Lily Gladstone Shares Insights on the Film ‘Killers of the Flower Moon’

In college, Lily Gladstone studied the history of Native American actors in Hollywood. Now, she’s making it.The 37-year-old actress has been checking off all sorts of awards-season firsts thanks to “Killers of the Flower Moon,” the Martin Scorsese-directed period drama in which she plays Mollie Burkhart, an Osage woman whose relatives are systematically murdered by her husband (Leonardo DiCaprio) and his uncle (Robert De Niro) in a bid to seize her family’s oil-rich Oklahoma land. If Mollie is the movie’s conscience, Gladstone is its center of gravity: Even when she shares scenes with A-listers like DiCaprio and De Niro, the film bends to her.

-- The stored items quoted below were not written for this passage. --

(* Let $\Omega\subset\mathbb{R}^2$ be a bounded domain, $X\subset\overline{\Omega}$ finite with $X\setminus\partial\Omega\subset\mathrm{int}(\mathrm{conv}(X\cap\partial\Omega))$, and $f_X$ a discrete load on $X$. Assume $(\mathbf{s},\mathbf{q},\mathbf{r})\in\mathbb{R}^{3\times m}$ solves $(\mathcal{P}_X)$ and $(\mathbf{u}_1,\mathbf{u}_2,\mathbf{w})\in\mathbb{R}^{3\times n}$ (with some slack vectors) solves $(\mathcal{P}_X^* )$. Then the pair $$\mathbf{z}=\tfrac12\mathbf{w},\qquad\hat{\mathbf{s}}=\mathbf{J}(\mathbf{z})\mathbf{s}$$ solves problem $(\mathrm{MVGS}_X)$, and $\mathcal{V}_{X,\min}=\mathcal{Z}_X$.
   Context: Discrete setting: $\bar n=\#X$, $n=\#(X\setminus\partial\Omega)$, enumeration $\chi:\{1,\dots,n\}\to X\setminus\partial\Omega$; $m=\bar n(\bar n-1)/2$, enumeration $k\mapsto\{\chi_-(k),\chi_+(k)\}$ of unordered pairs of distinct points of $X$. $f_i=f_X(\{\chi(i)\})$, $l_k=|\chi_+(k)-\chi_-(k)|$. Vectors in $\mathbb{R}^n$ are identified with functions on $X$ vanishing on $X\cap\partial\Omega$. $\mathbf{B}_1,\mathbf{B}_2,\mathbf{D}\in\mathbb{R}^{m\times n}$: $(\mathbf{B}_1\mathbf{u}_1+\mathbf{B}_2\mathbf{u}_2)_k=(u(\chi_+(k))-u(\chi_-(k)))\cdot(\chi_+(k)-\chi_-(k))/l_k$ (with $u=(u_1,u_2)$ in a fixed Cartesian basis), $(\mathbf{D}\mathbf{w})_k=w(\chi_+(k))-w(\chi_-(k))$. $\mathrm{K}=\{(t_1,t_2,t_3):t_1,t_2\ge0,2t_1t_2\ge t_3^2\}$. $(\mathcal{P}_X)$: $\inf\{\mathbf{l}^\top\mathbf{s}+2\mathbf{l}^\top\mathbf{r}:\mathbf{s},\mathbf{r}\in\mathbb{R}^m_+,\mathbf{q}\in\mathbb{R}^m,\mathbf{B}_1^\top\mathbf{s}=\mathbf{B}_2^\top\mathbf{s}=\mathbf{0},\mathbf{D}^\top\mathbf{q}=\mathbf{f},(r_k,s_k,q_k)\in\mathrm{K}\ \forall k\}$. $(\mathcal{P}_X^* )$: $\sup\{\mathbf{f}^\top\mathbf{w}:\mathbf{t}_2+\mathbf{B}_1\mathbf{u}_1+\mathbf{B}_2\mathbf{u}_2=\mathbf{l},\mathbf{t}_3+\mathbf{D}\mathbf{w}=\mathbf{0},\mathbf{t}_1=2\mathbf{l},(t_{1;k},t_{2;k},t_{3;k})\in\mathrm{K}\ \forall k\}$ over $\mathbf{u}_1,\mathbf{u}_2,\mathbf{w}\in\mathbb{R}^n$, $\mathbf{t}_1,\mathbf{t}_2\in\mathbb{R}^m_+$, $\mathbf{t}_3\in\mathbb{R}^m$. It is known that $\min\mathcal{P}_X=\max\mathcal{P}_X^*=:\mathcal{Z}_X$. For $\mathbf{z}\in\mathbb{R}^n$: $\Delta_k(\mathbf{z})=(\mathbf{D}\mathbf{z})_k/l_k$, $\mathbf{J}(\mathbf{z})$ diagonal with $J_{kk}(\mathbf{z})=\sqrt{1+\Delta_k(\mathbf{z})^2}$, $\hat l_k(\mathbf{z})=J_{kk}(\mathbf{z})l_k$. $(\mathrm{MVGS}_X)$: $\mathcal{V}_{X,\min}=\inf\{\sum_k\hat l_k(\mathbf{z})\hat s_k:\mathbf{z}\in\mathbb{R}^n,\hat{\mathbf{s}}\in\mathbb{R}^m_+,\ \mathbf{B}_1^\top\mathbf{s}=\mathbf{0},\mathbf{B}_2^\top\mathbf{s}=\mathbf{0},\mathbf{D}^\top\mathbf{q}=\mathbf{f}\text{ where }s_k=\hat s_k/J_{kk}(\mathbf{z}),\ q_k=\Delta_k(\mathbf{z})\hat s_k/J_{kk}(\mathbf{z})\}$. *)

From HB Require Import structures.
From mathcomp Require Import all_boot all_order all_algebra.
From mathcomp Require Import all_classical all_reals all_analysis.
Set Implicit Arguments. Unset Strict Implicit. Unset Printing Implicit Defensive.
Import Order.TTheory GRing.Theory Num.Theory.
Import numFieldNormedType.Exports.
Local Open Scope classical_set_scope.
Local Open Scope ring_scope.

That portrayal has so far earned Gladstone a best-actress win from the New York Film Critics Circle and nominations from the Golden Globes and Critics Choice Awards, and major nods from the Screen Actors Guild and the Academy Awards are likely to come in the weeks ahead. In the run-up to those ceremonies, Gladstone has been a hotly pursued presence for round tables and events on both coasts, and she’s taken to those opportunities with such command — using her platform to amplify other Native voices and concerns — that you’d never know that she wasn’t used to this, or that for a long time, she was hesitant to engage with Hollywood at all.

“There’s a handful of people who love film that have been aware of my career for a while, but this has been like being shot out of a cannon,” Gladstone said, tracing the far-flung route that has led her to all those awards-show ballrooms. “My dad’s a boilermaker, my mom was a teacher. I was raised on a reservation, went to public school. It’s a very normal, sort of working-class upbringing in one way, and in another way, I’m just a rez girl.”

Onscreen, Gladstone has the profile and indomitable presence of a 1940s film star. In person, when we met last month at a rooftop restaurant in Beverly Hills, Gladstone was more approachable but every bit as striking, with vivid brown eyes that her father once warned her were eminently readable. He said this mostly to dissuade her from telling lies, but he was right: When we feel for Mollie, it’s because of the fear and righteous indignation that Gladstone can convey in just a look.

She also has a wry sense of humor, glimpsed in some of the Scorsese film’s lighter moments, and an ability to punctuate her conversation topics and awards-season speeches with an impressive command of history and facts. “Lily is a big nerd wrapped up in this very giving, curious person,” said the director Erica Tremblay, whose film “Fancy Dance” starred Gladstone. “If you’re at a dinner party with Lily, you’re going to find yourself talking about physics and bumblebees — and when I say she’ll be talking about physics, she’ll be talking about some very specific theory that Lily will know the mechanics of inside and out.”